Image search with autoencoders

Autoencoders are an architecture that have a variety of applications from denoising data to generative models.

In this post we will look at how to search for similar images given a query image with autoencoders and implement one with keras. While we will focus on image searches autoencoders have been shown to work well in other settings as well, for example text-based problems such as retrieving for relevant news articles (see the resource section at the end of this post).

Autoencoders

The gist

Autoencoders are simply neural networks that learn the mapping $f:X\mapsto X$. Does that sound too easy? Are you wondering why we would want to predict the input we are already given?

The key idea that makes this mapping useful is that a “bottleneck” is placed in the middle of the network which implicitly forces the network to learn a compressed representation of the input data. It is important to note that this is the only output from the network that we are actually interested in.

More specifically we think of an autoencoder as two pieces. First there is the encoder, the first half of the network that maps $X\in \mathbb{R}^{n}$ to some vector in $\mathbb{R}^{d}$ where $d<n$. Second we have the decoder which maps that vector back to the orignal feature space $\mathbb{R}^{n}$. The vector output by the encoder is known as the latent representation of the data and is what we will use to search for images by. Again, it is important to understand that at the end of the day all we really care about is the output of the bottleneck.

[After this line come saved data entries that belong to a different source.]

(* The rational map $\mathbb{P}^2 \dashrightarrow \mathbb{P}^3$, $(r:s:t)\mapsto(w:x:y:z)$ with \begin{align*} w &= t^3-2t^2s-2tsr+ts^2+r^2s-r^3-rs^2,\\ x &= -t^3-2t^2s+ts^2-2tsr+2rs^2-s^3+r^3-2r^2s,\\ y &= 2t^3+3t^2r-2t^2s-2tsr+3tr^2+ts^2+2rs^2-s^3+r^3-2r^2s,\\ z &= -2t^3+t^2s-3t^2r-3tr^2+4tsr-2ts^2-r^3+r^2s-rs^2, \end{align*} defined over $\mathbb{Q}$, is a birational map from $\mathbb{P}^2$ onto the cubic surface $S_1: w^3 + x^3 = y^3 + z^3$. For this parametrization, $w^3+x^3$ factors over $\mathbb{Q}$ as a product of one linear, two quadratic and one quartic polynomial in $r,s,t$.
   Context: No additional context. *)

From HB Require Import structures.
From mathcomp Require Import all_boot all_order all_algebra.
From mathcomp Require Import mpoly.
Set Implicit Arguments. Unset Strict Implicit. Unset Printing Implicit Defensive.
Import Order.TTheory GRing.Theory Num.Theory.
Local Open Scope ring_scope.

Definition r_ : {mpoly rat[3]} := 'X_0.
Definition s_ : {mpoly rat[3]} := 'X_1.
Definition t_ : {mpoly rat[3]} := 'X_2.

Definition wP : {mpoly rat[3]} :=
  t_^+3 - 2%:R*t_^+2*s_ - 2%:R*t_*s_*r_ + t_*s_^+2 + r_^+2*s_ - r_^+3 - r_*s_^+2.
Definition xP : {mpoly rat[3]} :=
  - t_^+3 - 2%:R*t_^+2*s_ + t_*s_^+2 - 2%:R*t_*s_*r_ + 2%:R*r_*s_^+2 - s_^+3
  + r_^+3 - 2%:R*r_^+2*s_.
Definition yP : {mpoly rat[3]} :=
  2%:R*t_^+3 + 3%:R*t_^+2*r_ - 2%:R*t_^+2*s_ - 2%:R*t_*s_*r_ + 3%:R*t_*r_^+2
  + t_*s_^+2 + 2%:R*r_*s_^+2 - s_^+3 + r_^+3 - 2%:R*r_^+2*s_.
Definition zP : {mpoly rat[3]} :=
  - 2%:R*t_^+3 + t_^+2*s_ - 3%:R*t_^+2*r_ - 3%:R*t_*r_^+2 + 4%:R*t_*s_*r_
  - 2%:R*t_*s_^+2 - r_^+3 + r_^+2*s_ - r_*s_^+2.

Definition param : 4.-tuple {mpoly rat[3]} := [tuple wP; xP; yP; zP].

In keras implementing an autoencoder is (almost) as simple as

import keras
model = keras.models.Sequential([
    Dense(1000),
    Dense(500),
    Dense(250),
    Dense(64),
    Dense(250),
    Dense(500),
    Dense(1000)
])

Note that the output of the middle layer Dense(64) is the latent representation, or code.

The intuition

One nice thing about autoencoders is that the idea described above is very intuitive. Suppose our data $X$ lives in $\mathbb{R}^{n}$ and one of the hidden layers of $f$ outputs a vector of dimmension $d<n$. Then, it follows that if $f$ reconstructs $X$ well after reducing the input in dimmensionality then that $d$-dimmensional vector must contain a lot of information about the input itself in order to reproduce it.

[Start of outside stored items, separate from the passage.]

(* If |z| = b, both inequalities of row_chain are tight at any coordinate
   where u is maximal: the slack vanishes there and u is maximal at every
   out-neighbour. *)
Let max_set_closed k : `|z| = b -> u k = m ->
  g k = 0 /\ forall l, A k l != 0 -> u l = m.
Proof.
move=> zb ukm; have [c1 c2] := row_chain k; rewrite norm_v ukm zb in c1.
have gk : g k = 0.
  have : g k * m <= 0.
    by have := le_trans c1 c2; rewrite mulrBl -[b * x k * m]mulrA lerDl oppr_ge0.
  by rewrite pmulr_lle0 // => gk_le0; apply: le_anti; rewrite gk_le0 g_ge0.
split => // l Akl.
have gap_sum0 : \sum_l (A k l * x l * m - A k l * x l * u l) = 0.
  rewrite sumrB; apply/eqP; rewrite subr_eq0 eq_le; apply/andP; split.
    apply: le_trans c1; rewrite -mulr_suml.
    by have := Ax_eq k; rewrite gk addr0 => ->; rewrite mulrA.
  by apply: ler_sum => l' _; apply: ler_wpM2l => //; apply: mulr_ge0 => //; exact: ltW.
have gap_ge0 l' : true -> 0 <= A k l' * x l' * m - A k l' * x l' * u l'.
  move=> _; rewrite -mulrBr; apply: mulr_ge0; last by rewrite subr_ge0.
  by apply: mulr_ge0 => //; exact: ltW.
have := psumr_eq0P gap_ge0 gap_sum0 (i := l) isT; rewrite -mulrBr => /eqP.
rewrite !mulf_eq0 (negbTE Akl) (gt_eqF (x_gt0 l)) /= subr_eq0 => /eqP.
by move=> ->.
Qed.

(* By irreducibility the set where u is maximal is everything, so an
   eigenvalue of modulus b forces the slack to vanish. *)
Lemma eigen_slack0 : irreducible_mx A -> `|z| = b -> forall k, g k = 0.
Proof.
move=> A_irr zb.
have [k0 u_k0] := m_attained.
pose Smax := [set k | u k == m].
have all_max k : k \in Smax.
  apply/negPn/negP => kS.
  have [||a [c [aT cT Aac]]] := A_irr (~: Smax).
  - by apply/set0Pn; exists k; rewrite in_setC.
  - apply/eqP => E; have : k0 \in ~: Smax by rewrite E inE.
    by rewrite in_setC inE u_k0 eqxx.
  move: aT cT; rewrite !in_setC !inE negbK => /eqP ua /eqP uc.
  by apply: uc; have [_] := max_set_closed zb ua; apply.
by move=> k; have := all_max k; rewrite inE => /eqP /(max_set_closed zb) [].
Qed.

End Eigenvector.

Hypothesis n_gt0 : (0 < n)%N.

Let b_ge0 : 0 <= b.
Proof.
pose k0 := Ordinal n_gt0; rewrite -(pmulr_lge0 _ (x_gt0 k0)) -Ax_eq.
apply: addr_ge0 => //; apply: sumr_ge0 => l _.
by apply: mulr_ge0 => //; exact: ltW.
Qed.

Lemma spectral_radius_le : spectral_radius A <= b.
Proof.
rewrite /spectral_radius big_seq_cond; apply: bigmax_le => // z /andP [z_in _].
have [v v_eig v_neq0] := (eigen_seqP A z).1 z_in.
exact: norm_eigen_le v_eig v_neq0.
Qed.

(* For irreducible A the bound is reached exactly when the slack vanishes:
   one direction by eigen_slack0, the other because x is then an
   eigenvector for b. *)
Lemma spectral_radius_eq : irreducible_mx A -> spectral_radius A = b <-> forall k, g k = 0.
Proof.
move=> A_irr; split => [rho_b | g0].
  case: (bigmax0_attained (fun z (_ : true) => normr_ge0 z) (eigen_seq A))
    => [|[z [z_in _]]]; rewrite -/(spectral_radius A) rho_b.
    move=> b_eq0 k; have /eqP := Ax_eq k.
    rewrite b_eq0 mul0r paddr_eq0 ?sumr_ge0 // => [/andP [_ /eqP //]|l _].
    by apply: mulr_ge0 => //; exact: ltW.
  move=> z_max; have [v v_eig v_neq0] := (eigen_seqP A z).1 z_in.
  exact: eigen_slack0 v_eig v_neq0 A_irr z_max.
apply: le_anti; rewrite spectral_radius_le /= -{1}(ger0_norm b_ge0).
apply: (bigmax0_ub (fun z _ => normr_ge0 z)) => //.
apply/eigen_seqP; exists x => [k|]; first by rewrite -Ax_eq g0 addr0.
by exists (Ordinal n_gt0); rewrite gt_eqF.
Qed.

End CollatzWielandt.

(* The test vector for the row-sum bound.  M and N are only required to bound
   the diagonal and off-diagonal entries, with M at most some row sum. *)
Section RowSumBound.
Variables (C : numClosedFieldType) (n : nat) (A : 'M[C]_n) (M N : C) (i : 'I_n).
Hypotheses (A_ge0 : forall k l, 0 <= A k l)
  (rows_sorted : forall k l : 'I_n, (k <= l)%N -> row_sum A l <= row_sum A k)
  (diag_le : forall k, A k k <= M) (offdiag_le : forall k l, k != l -> A k l <= N)
  (N_gt0 : 0 < N) (M_le_row : exists k, M <= row_sum A k).

Local Notation r := (row_sum A).

Definition head_excess : C := \sum_(k < n | (k < i)%N) (row_sum A k - row_sum A i).

(* The claimed bound b, the larger root of (b - r_i)(b - M + N) = N S. *)
Definition row_bound : C :=
  (row_sum A i + M - N
    + sqrtC ((row_sum A i - M + N) ^+ 2 + 4%:R * N * head_excess)) / 2%:R.

Definition bound_shift : C := row_bound - M + N.

Definition excess_weight (l : 'I_n) : C :=
  if (l < i)%N then (row_sum A l - row_sum A i) / bound_shift else 0.

Definition test_vector (l : 'I_n) : C := 1 + excess_weight l.

Definition entry_cap (k l : 'I_n) : C := if k == l then M else N.

Definition row_defect (k : 'I_n) : C :=
  row_sum A i - row_sum A k + bound_shift * excess_weight k.

Definition slack (k : 'I_n) : C :=
  \sum_l (entry_cap k l - A k l) * excess_weight l + row_defect k.

Let r_ge0 (k : 'I_n) : 0 <= r k.
Proof. exact: sumr_ge0. Qed.

Let later_le (k : 'I_n) : (i <= k)%N -> r k <= r i.
Proof. exact: rows_sorted. Qed.

Let earlier_ge (k : 'I_n) : (k < i)%N -> r i <= r k.
Proof. by move=> /ltnW; exact: rows_sorted. Qed.

Lemma head_excess_ge0 : 0 <= head_excess.
Proof. by apply: sumr_ge0 => k /earlier_ge; rewrite subr_ge0. Qed.

(* If r_i < M then some row before i exceeds row i (since M is at most a
   row sum), so S > 0. *)
Lemma head_excess_gt0 : r i < M -> 0 < head_excess.
Proof.
move=> ri_lt_M; have [k0 M_le_k0] := M_le_row.
have ri_lt_k0 : r i < r k0 := lt_le_trans ri_lt_M M_le_k0.
have k0_lt_i : (k0 < i)%N.
  by rewrite ltnNge; apply/negP => /later_le /(lt_le_trans ri_lt_k0); rewrite ltxx.
rewrite /head_excess (bigD1 k0) //=; apply: (lt_le_trans (y := r k0 - r i)).
  by rewrite subr_gt0.
rewrite lerDl; apply: sumr_ge0 => k /andP [/earlier_ge ki _].
by rewrite subr_ge0.
Qed.

Let discr := (r i - M + N) ^+ 2 + 4%:R * N * head_excess.

Let M_ge0 : 0 <= M.
Proof. exact: le_trans (A_ge0 i i) (diag_le i). Qed.

Let center_real : r i - M + N \is Num.real.
Proof. by rewrite realD ?realB ?ger0_real // ltW. Qed.

Let discr_ge0 : 0 <= discr.
Proof.
apply: addr_ge0; first by rewrite -realEsqr.
by rewrite !mulr_ge0 ?ler0n ?head_excess_ge0 // ltW.
Qed.

Lemma row_bound_quadratic : (row_bound - r i) * bound_shift = N * head_excess.
Proof.
rewrite /bound_shift /row_bound -/discr; set s := sqrtC discr.
have s2 : s ^+ 2 = discr by rewrite sqrtCK.
apply/eqP; rewrite -subr_eq0; apply/eqP.
have -> : ((r i + M - N + s) / 2%:R - r i) * ((r i + M - N + s) / 2%:R - M + N)
    - N * head_excess = (s ^+ 2 - discr) / 4%:R by rewrite /discr; field.
by rewrite s2 subrr mul0r.
Qed.

(* q = (r_i - M + N + sqrt D) / 2 > 0: clear if r_i - M + N > 0, and
   otherwise S > 0 makes sqrt D exceed |r_i - M + N|. *)
Lemma bound_shift_gt0 : 0 < bound_shift.
Proof.
have -> : bound_shift = (r i - M + N + sqrtC discr) / 2%:R.
  by rewrite /bound_shift /row_bound; field.
apply: divr_gt0; last by rewrite ltr0n.
case: (real_ltP (real0 C) center_real) => [c_gt0 | c_le0].
  by apply: (lt_le_trans c_gt0); rewrite lerDl sqrtC_ge0.
have ri_lt_M : r i < M.
  by apply: (lt_le_trans (y := r i + N)); rewrite ?ltrDl // -subr_le0 addrAC.
have : (- (r i - M + N)) ^+ 2 < sqrtC discr ^+ 2.
  rewrite sqrtCK sqrrN /discr -[X in X < _]addr0 ltrD2l.
  by rewrite !mulr_gt0 ?ltr0n ?head_excess_gt0.
rewrite ltr_sqr ?nnegrE ?oppr_ge0 ?sqrtC_ge0 //.
by rewrite -subr_gt0 opprK addrC.
Qed.

Lemma excess_weight_ge0 (l : 'I_n) : 0 <= excess_weight l.
Proof.
rewrite /excess_weight; case: ifP => // /earlier_ge li.
by rewrite divr_ge0 ?subr_ge0 // ltW // bound_shift_gt0.
Qed.

Lemma test_vector_gt0 (l : 'I_n) : 0 < test_vector l.
Proof. by apply: (lt_le_trans ltr01); rewrite lerDl excess_weight_ge0. Qed.

Lemma row_defect_head (k : 'I_n) : (k < i)%N -> row_defect k = 0.
Proof.
move=> ki; rewrite /row_defect /excess_weight ki mulrC divfK; last first.
  by rewrite gt_eqF // bound_shift_gt0.
by rewrite addrC subrKA subrr.
Qed.

Lemma row_defect_ge0 (k : 'I_n) : 0 <= row_defect k.
Proof.
case: (ltnP k i) => [/row_defect_head -> // | ik].
by rewrite /row_defect /excess_weight ltnNge ik mulr0 addr0 subr_ge0 later_le.
Qed.

Lemma entry_cap_ge (k l : 'I_n) : 0 <= entry_cap k l - A k l.
Proof. by rewrite subr_ge0 /entry_cap; case: eqP => [<-|/eqP /offdiag_le]. Qed.

Lemma slack_ge0 (k : 'I_n) : 0 <= slack k.
Proof.
rewrite addr_ge0 ?row_defect_ge0 // sumr_ge0 // => l _.
by rewrite mulr_ge0 ?entry_cap_ge ?excess_weight_ge0.
Qed.

(* N * sum_l e_l = N S / q = b - r_i by the quadratic. *)
Lemma sum_excess_weight : N * \sum_l excess_weight l = row_bound - r i.
Proof.
have -> : \sum_l excess_weight l = head_excess / bound_shift.
  rewrite /head_excess mulr_suml [RHS]big_mkcond /=.
  by apply: eq_bigr => l _; rewrite /excess_weight; case: ifP.
by rewrite mulrA -row_bound_quadratic mulfK // gt_eqF // bound_shift_gt0.
Qed.

Lemma test_vector_eq (k : 'I_n) :
  \sum_l A k l * test_vector l + slack k = row_bound * test_vector k.
Proof.
have Ax : \sum_l A k l * test_vector l = r k + \sum_l A k l * excess_weight l.
  rewrite /row_sum -big_split /=.
  by apply: eq_bigr => l _; rewrite /test_vector mulrDr mulr1.
have cap_sum : \sum_l entry_cap k l * excess_weight l
    = N * \sum_l excess_weight l + (M - N) * excess_weight k.
  rewrite (bigD1 k) //= [X in N * X](bigD1 k) //= /entry_cap eqxx mulrDr mulr_sumr.
  rewrite (eq_bigr (fun l => N * excess_weight l)); first by ring.
  by move=> l /negbTE; rewrite eq_sym => ->.
have -> : slack k = \sum_l entry_cap k l * excess_weight l
    - \sum_l A k l * excess_weight l + row_defect k.
  by rewrite /slack -sumrB; congr (_ + _); apply: eq_bigr => l _; rewrite mulrBl.
rewrite Ax cap_sum sum_excess_weight /row_defect /test_vector /bound_shift; ring.
Qed.

Lemma slack0P (k : 'I_n) : slack k = 0 <->
  (forall l, (entry_cap k l - A k l) * excess_weight l = 0) /\ row_defect k = 0.
Proof.
have term_ge0 l : true -> 0 <= (entry_cap k l - A k l) * excess_weight l.
  by move=> _; rewrite mulr_ge0 ?entry_cap_ge ?excess_weight_ge0.
split => [/eqP | [terms0 defect0]]; last first.
  by rewrite /slack defect0 addr0; apply: big1 => l _; exact: terms0.
rewrite /slack paddr_eq0 ?sumr_ge0 ?row_defect_ge0 // => /andP [/eqP sum0 /eqP].
by split=> // l; exact: (psumr_eq0P term_ge0 sum0 (i := l)).
Qed.

Definition equality_pattern : Prop :=
  (forall k l : 'I_n, row_sum A k = row_sum A l) \/
  exists t : 'I_n, [/\ (1 <= t)%N, (t <= i)%N,
     (forall k : 'I_n, (k < t)%N -> A k k = M),
     (forall k l : 'I_n, (l < t)%N -> k != l -> A k l = N) &
     (forall k : 'I_n, (t <= k)%N -> row_sum A k = row_sum A t)].

(* If g = 0, let t be the first row with r_t = r_i: the rows from t on have
   equal sums, and for l < t the weight e_l is positive, which forces column l
   to meet its caps. *)
Lemma slack0_pattern : (forall k, slack k = 0) -> equality_pattern.
Proof.
move=> slack0.
have terms0 k l : (entry_cap k l - A k l) * excess_weight l = 0.
  by have [terms0 _] := (slack0P k).1 (slack0 k).
have defect0 k : row_defect k = 0 by have [_ defect0] := (slack0P k).1 (slack0 k).
have [t /eqP rt t_min] :=
  @arg_minnP _ i (fun j => r j == r i) (fun j => nat_of_ord j) (eqxx _).
have ti : (t <= i)%N by exact: t_min.
have tail_eq (k : 'I_n) : (t <= k)%N -> r k = r i.
  move=> tk; case: (ltnP k i) => ki.
    by apply: le_anti; rewrite earlier_ge // andbT -rt rows_sorted.
  have := defect0 k; rewrite /row_defect /excess_weight ltnNge ki /= mulr0 addr0.
  by move/eqP; rewrite subr_eq0 eq_sym => /eqP.
have weight_neq0 (l : 'I_n) : (l < t)%N -> excess_weight l != 0.
  move=> lt; rewrite /excess_weight (leq_trans lt ti) mulf_neq0 //; last first.
    by rewrite invr_eq0 gt_eqF // bound_shift_gt0.
  by rewrite subr_eq0; apply/negP => /t_min; rewrite leqNgt lt.
case: (ltnP 0 t) => t_gt0; last first.
  by left => k l; rewrite !tail_eq // (leq_trans t_gt0 (leq0n _)).
right; exists t; split => //.
- move=> k kt; have := terms0 k k; rewrite /entry_cap eqxx => /eqP.
  by rewrite mulf_eq0 (negbTE (weight_neq0 k kt)) orbF subr_eq0 => /eqP ->.
- move=> k l lt kl; have := terms0 k l; rewrite /entry_cap (negbTE kl) => /eqP.
  by rewrite mulf_eq0 (negbTE (weight_neq0 l lt)) orbF subr_eq0 => /eqP ->.
- by move=> k tk; rewrite tail_eq // rt.
Qed.

Lemma pattern_slack0 : equality_pattern -> forall k, slack k = 0.
Proof.
case=> [rows_eq | [t [_ ti diag_eq off_eq tail_eq]]] k; apply/slack0P.
  have weight0 l : excess_weight l = 0.
    by rewrite /excess_weight (rows_eq l i) subrr mul0r if_same.
  split=> [l|]; first by rewrite weight0 mulr0.
  by rewrite /row_defect weight0 mulr0 addr0 (rows_eq i k) subrr.
have rt : r t = r i by rewrite (tail_eq i ti).
have weight0 (l : 'I_n) : (t <= l)%N -> excess_weight l = 0.
  by move=> tl; rewrite /excess_weight (tail_eq l tl) rt subrr mul0r if_same.
split=> [l|].
  case: (ltnP l t) => lt; last by rewrite weight0 // mulr0.
  rewrite /entry_cap; case: eqP => [kl|/eqP kl]; last by rewrite off_eq // subrr mul0r.
  by rewrite -kl diag_eq ?subrr ?mul0r // kl.
case: (ltnP k i) => ki; first exact: row_defect_head.
have tk := leq_trans ti ki.
by rewrite /row_defect weight0 // mulr0 addr0 (tail_eq k tk) rt subrr.
Qed.

End RowSumBound.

Autoencoders for searching

So how do autoencoders apply to searching?

Let’s consider the use case where we have a set of images $X$, and for a given image, $q$, we would like to retrieve all images in $X$ that are “similar” to $q$.

One such way to do this with an autoencoder is to keep a list of key-value pairs of each image $x\in X$ and its encoded representation $\hat{x}$ (the output of the latent layer when we predict on $x$). Recall these codes are simply vectors, so we can compute similarity scores of $\hat{q}$ with each $\hat{x}$, returning the images which scored highest.

Now, this method is already more efficient than simply computing the similarity scores over the raw values in $X$ - in the sense that the encoded representations are much smaller in dimmension. Nevertheless, both approaches run in linear time, that is the more images we have in our database, the longer the search will take and the less benefit we see in performance from computing the similarity scores on smaller vectors.

It turns out we can still use the codes to perform a faster search in constant time, we just need to build the autoencoder with one slight modification. Instead of mapping the input to vectors of dimmension $d$, we define the encoder as $\phi:\mathbb{R}^{n}\mapsto{0,1}^{d}$ ($d$-bit binary codes). To perform the search over these KVPs we implement a data scructure called a “semantic hashing table”. Don’t let the name intimidate you, the data scructure is essentially a hash map where the keys are $d$-bit integers (converted from the output of $\phi$) and the values are lists (at least that’s the simple python implementation) and is initialized with the following algorithm.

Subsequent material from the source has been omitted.